(RECORDS FOR THE EXERCISE Opens)

Lemma regular_perfect_matching (b0 : B) S XA XB d :
  regular S XA XB d.+1 -> exists2 M : {set E}, M \subset S & regular M XA XB 1.
Proof.
move=> reg; have [g [inj_g inc_g]] := Hall_marriage b0 (regular_hall_condition reg).
case: reg => ends degA degB.
have gXB a : a \in XA -> g a \in XB.
  by move/inc_g/exists_inP=> [e Se /andP[_ /eqP<-]]; case/andP: (ends e Se).
apply: (matching_of_bijection inj_g inc_g); apply/eqP; rewrite eqEcard.
have cardXA : #|S| = #|XA| * d.+1 by apply: (card_degree_const (w := u)) => // e /ends/andP[].
have cardXB : #|S| = #|XB| * d.+1 by apply: (card_degree_const (w := v)) => // e /ends/andP[].
have -> : #|XB| = #|XA| by apply/eqP; rewrite -(eqn_pmul2r (ltn0Sn d)) -cardXA -cardXB.
rewrite (card_in_imset inj_g) leqnn andbT.
by apply/subsetP=> _ /imsetP[a XAa ->]; apply: gXB.
Qed.

Lemma regular_setD_matching S M XA XB d :
  regular S XA XB d.+1 -> M \subset S -> regular M XA XB 1 -> regular (S :\: M) XA XB d.
Proof.
case=> ends degA degB sMS [_ degMA degMB]; split=> [e /setDP[Se _]|a XAa|b XBb].
- exact: ends Se.
- by rewrite degreeD // degA // degMA // subn1.
- by rewrite degreeD // degB // degMB // subn1.
Qed.

Lemma regular1_independent M XA XB :
  regular M XA XB 1 -> {in M &, forall e e', ~~ adjacent e e'}.
Proof.
case=> ends degA degB e e' Me Me'; apply/negP=> /andP[/eqP ne shared]; apply: ne.
have /andP[XAu XBv] := ends e' Me'.
case/orP: shared => /eqP; first exact: degree1_inj (degA _ XAu) Me' Me.
exact: degree1_inj (degB _ XBv) Me' Me.
Qed.

Theorem Konig_edge_colouring (b0 : B) S XA XB d :
  regular S XA XB d -> exists c : E -> nat, {in S, forall e, c e < d} /\ proper_colouring S c.
Proof.
elim: d S => [|d IH] S reg.
  by exists (fun=> 0); rewrite (regular0 reg); split=> e; rewrite inE.
have [M sMS regM] := regular_perfect_matching b0 reg.
have [c [c_lt c_proper]] := IH _ (regular_setD_matching reg sMS regM).
exists (fun e => if e \in M then d else c e); split=> [e Se|e e' Se Se' adj].
  by case: ifP => Me //; apply/leqW/c_lt; rewrite inE Me.
have c_ltd f : f \in S -> f \notin M -> c f < d by move=> Sf Mf; apply: c_lt; rewrite inE Mf.
case: ifPn => Me; case: ifPn => Me'.
- by have := regular1_independent regM Me Me'; rewrite adj.
- by rewrite eq_sym neq_ltn c_ltd.
- by rewrite neq_ltn c_ltd.
- by apply: c_proper; rewrite // inE ?Me ?Me'.
Qed.

(** * Galvin's list edge-colouring theorem *)

Lemma card_in_inj_range (T : finType) (f : T -> nat) (X : {set T}) lo hi :
  {in X &, injective f} -> {in X, forall x, lo <= f x < hi} -> #|X| <= hi - lo.
Proof.
move=> inj_f range_f; have := @uniq_leq_size _ (map f (enum X)) (iota lo (hi - lo)).
rewrite size_map size_iota -cardE; apply.
  by rewrite map_inj_in_uniq ?enum_uniq // => x y; rewrite !mem_enum; apply: inj_f.
by move=> y /mapP[x]; rewrite mem_enum => /range_f rx ->; rewrite mem_iota; move: rx; lia.
Qed.

Section Kernels.
Variable rank : E -> nat.
Implicit Types (T : {set E}).

(* Galvin's orientation of the line graph induced by the proper colouring [rank]. *)
Definition dominates e' e := (e' != e) &&
  (((u e' == u e) && (rank e < rank e')) || ((v e' == v e) && (rank e' < rank e))).

Definition dominators T e := [set e' in T | dominates e' e].

Definition kernel T M := [/\ M \subset T, {in M &, forall e e', ~~ adjacent e e'} &
  {in T :\: M, forall e, exists2 e', e' \in M & dominates e' e}].

Definition top_at T e := [forall e' in T, (u e' == u e) ==> (rank e' <= rank e)].

Lemma kernel_tops T :
  proper_colouring T rank ->
  {in [set e in T | top_at T e] &, forall e e', v e = v e' -> e = e'} ->
  kernel T [set e in T | top_at T e].
Proof.
move=> proper_T top_v; split=> [|e e' tope tope'|e].
- by apply/subsetP=> e /[!inE] /andP[].
- apply/negP=> /[dup] adj /andP[ne /orP[/eqP ue|/eqP ve]]; last by case/eqP: ne; apply: top_v.
  move: tope tope'; rewrite !inE => /andP[Te /forall_inP tope] /andP[Te' /forall_inP tope'].
  have /implyP le_e'e := tope e' Te'; have /implyP le_ee' := tope' e Te.
  have := proper_T e e' Te Te' adj.
  by rewrite eqn_leq le_e'e ?le_ee' ?ue ?eqxx.
move=> /setDP[Te]; rewrite inE Te /= => /forall_inPn[e' Te'].
rewrite negb_imply -ltnNge => /andP[ue' lt_e'].
case: (@arg_maxnP _ e [pred t | (t \in T) && (u t == u e)] rank); first by rewrite /= Te eqxx.
move=> t /andP[Tt /eqP ut] t_max.
have lt_et : rank e < rank t by rewrite (leq_trans lt_e' (t_max e' _)) //= Te' ue'.
exists t.
  rewrite !inE Tt; apply/forall_inP=> x Tx; apply/implyP=> /eqP ux.
  by apply: t_max; rewrite /= Tx ux ut eqxx.
have ne_te : t != e by apply: contraTneq lt_et => ->; rewrite ltnn.
by rewrite /dominates ne_te ut eqxx lt_et.
Qed.

(* [e1] is dominated by [e2] or, as [e2] is top at its [A]-end, by the kernel edge that
   dominates [e2] at their common [B]-end. *)
Lemma kernel_setD1 T M e1 e2 :
  e2 \in T -> e1 != e2 -> v e1 = v e2 -> rank e2 < rank e1 -> top_at T e2 ->
  kernel (T :\ e1) M -> kernel T M.
Proof.
move=> Te2 ne12 v12 lt21 /forall_inP top2 [sM indepM domM].
split=> [|//|e /setDP[Te Me]]; first exact: subset_trans sM (subsetDl _ _).
have [->|ne1] := eqVneq e e1; last first.
  by apply: domM; rewrite !inE ne1 Te Me.
have [Me2|Me2] := boolP (e2 \in M).
  by exists e2; rewrite // /dominates eq_sym ne12 v12 eqxx lt21 orbT.
have [e' Me' dom2] : exists2 e', e' \in M & dominates e' e2.
  by apply: domM; rewrite !inE eq_sym ne12 Te2 Me2.
have /setD1P[ne'1 Te'] := subsetP sM e' Me'.
case/andP: dom2 => _ /orP[/andP[/eqP ue' lt2']|/andP[/eqP ve' lt'2]].
  by have /implyP := top2 e' Te'; rewrite ue' eqxx leqNgt lt2' => /(_ isT).
by exists e'; rewrite // /dominates ne'1 ve' v12 eqxx (ltn_trans lt'2 lt21) orbT.
Qed.

Lemma kernel_exists T : proper_colouring T rank -> exists M, kernel T M.
Proof.
elim: {T}_.+1 {-2}T (ltnSn #|T|) => // k IH T ltTk proper_T.
pose tops := [set e in T | top_at T e].
have [/existsP[e1 /existsP[e2 /and4P[tops1 tops2 ne12 /eqP v12]]]|] :=
  boolP [exists e1, exists e2, [&& e1 \in tops, e2 \in tops, e1 != e2 & v e1 == v e2]].
- have tops_T e : e \in tops -> e \in T by rewrite inE => /andP[].
  wlog lt21 : e1 e2 tops1 tops2 ne12 v12 / rank e2 < rank e1.
    move=> gen; have adj : adjacent e1 e2 by rewrite /adjacent ne12 v12 eqxx orbT.
    have := proper_T e1 e2 (tops_T e1 tops1) (tops_T e2 tops2) adj.
    rewrite neq_ltn => /orP[lt12|lt21]; first by apply: (gen e2 e1); rewrite // eq_sym.
    exact: (gen e1 e2).
  have [|M kerM] := IH (T :\ e1) _ (proper_colouringS (subsetDl T [set e1]) proper_T).
    by have := cardsD1 e1 T; rewrite tops_T //; move: ltTk; lia.
  exists M; apply: (kernel_setD1 (tops_T e2 tops2) ne12 v12 lt21 _ kerM).
  by move: tops2; rewrite inE => /andP[].
- move=> no_pair; exists tops; apply: kernel_tops => // e e' tope tope' ve.
  apply/eqP; apply: contraNT no_pair => ne.
  by apply/existsP; exists e; apply/existsP; exists e'; rewrite tope tope' ne ve eqxx.
Qed.

Lemma card_dominators_lt S D e :
  proper_colouring S rank -> {in S, forall e, rank e < D} -> e \in S -> #|dominators S e| < D.
Proof.
move=> proper_S rank_lt Se.
pose above := [set e' in S | (u e' == u e) && (rank e < rank e')].
pose below := [set e' in S | (v e' == v e) && (rank e' < rank e)].
have sub : dominators S e \subset above :|: below.
  by apply/subsetP=> x; rewrite !inE => /andP[-> /andP[_ /orP[]/andP[-> ->]]]; rewrite ?orbT.
have clique_above : {in above &, forall x y, x != y -> adjacent x y}.
  move=> x y; rewrite !inE => /andP[_ /andP[/eqP ux _]] /andP[_ /andP[/eqP uy _]] ne.
  by rewrite /adjacent ne ux uy eqxx.
have clique_below : {in below &, forall x y, x != y -> adjacent x y}.
  move=> x y; rewrite !inE => /andP[_ /andP[/eqP vx _]] /andP[_ /andP[/eqP vy _]] ne.
  by rewrite /adjacent ne vx vy eqxx orbT.
have sub_above : above \subset S by apply/subsetP=> x; rewrite inE => /andP[].
have sub_below : below \subset S by apply/subsetP=> x; rewrite inE => /andP[].
have card_above : #|above| <= D - (rank e).+1.
  apply: card_in_inj_range (proper_colouring_clique_inj sub_above clique_above proper_S) _.
  by move=> x; rewrite inE => /andP[Sx /andP[_ ->]]; rewrite rank_lt.
have card_below : #|below| <= rank e - 0.
  apply: card_in_inj_range (proper_colouring_clique_inj sub_below clique_below proper_S) _.
  by move=> x; rewrite inE => /andP[_ /andP[_ ->]].
have := subset_leq_card sub; rewrite cardsU; have := rank_lt e Se.
by move: card_above card_below; lia.
Qed.

Lemma card_dominators_setD_kernel (K : finType) S (L : E -> {set K}) k M e :
  kernel [set e' in S | k \in L e'] M -> e \in S :\: M ->
  #|dominators S e| < #|L e| -> #|dominators (S :\: M) e| < #|L e :\ k|.
Proof.
move=> [sM _ domM] /setDP[Se Me] lt_dom.
have sub : dominators (S :\: M) e \subset dominators S e.
  by apply/subsetP=> x; rewrite !inE => /andP[/andP[_ ->] ->].
have [Lk|Lk] := boolP (k \in L e); last first.
  have -> : L e :\ k = L e by apply/setDidPl; rewrite disjoint_sym disjoints1.
  exact: leq_ltn_trans (subset_leq_card sub) lt_dom.
have [e' Me' dom_e'] : exists2 e', e' \in M & dominates e' e by apply: domM; rewrite !inE Se Lk Me.
have /setIdP[Se' _] := subsetP sM e' Me'.
have sub' : dominators (S :\: M) e \subset dominators S e :\ e'.
  apply/subsetP=> x; rewrite !inE => /andP[/andP[Mx Sx] dx]; rewrite Sx dx !andbT.
  by apply: contraNneq Mx => ->.
have De' : e' \in dominators S e by rewrite inE Se' dom_e'.
apply: leq_ltn_trans (subset_leq_card sub') _.
by move: lt_dom; rewrite (cardsD1 e') De' (cardsD1 k (L e)) Lk ltn_add2l.
Qed.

(RECORDS FOR THE EXERCISE Closes)

▶ WHAT YOU WILL DO
Copy out word for word each line of the listing, from the very first line down to the line containing "rewrite (card_in_imset inj_g) leqnn andbT.", and stop after that line.

▶ WRITTEN ANSWER
Lemma regular_perfect_matching (b0 : B) S XA XB d :
  regular S XA XB d.+1 -> exists2 M : {set E}, M \subset S & regular M XA XB 1.
Proof.
move=> reg; have [g [inj_g inc_g]] := Hall_marriage b0 (regular_hall_condition reg).
case: reg => ends degA degB.
have gXB a : a \in XA -> g a \in XB.
  by move/inc_g/exists_inP=> [e Se /andP[_ /eqP<-]]; case/andP: (ends e Se).
apply: (matching_of_bijection inj_g inc_g); apply/eqP; rewrite eqEcard.
have cardXA : #|S| = #|XA| * d.+1 by apply: (card_degree_const (w := u)) => // e /ends/andP[].
have cardXB : #|S| = #|XB| * d.+1 by apply: (card_degree_const (w := v)) => // e /ends/andP[].
have -> : #|XB| = #|XA| by apply/eqP; rewrite -(eqn_pmul2r (ltn0Sn d)) -cardXA -cardXB.
rewrite (card_in_imset inj_g) leqnn andbT.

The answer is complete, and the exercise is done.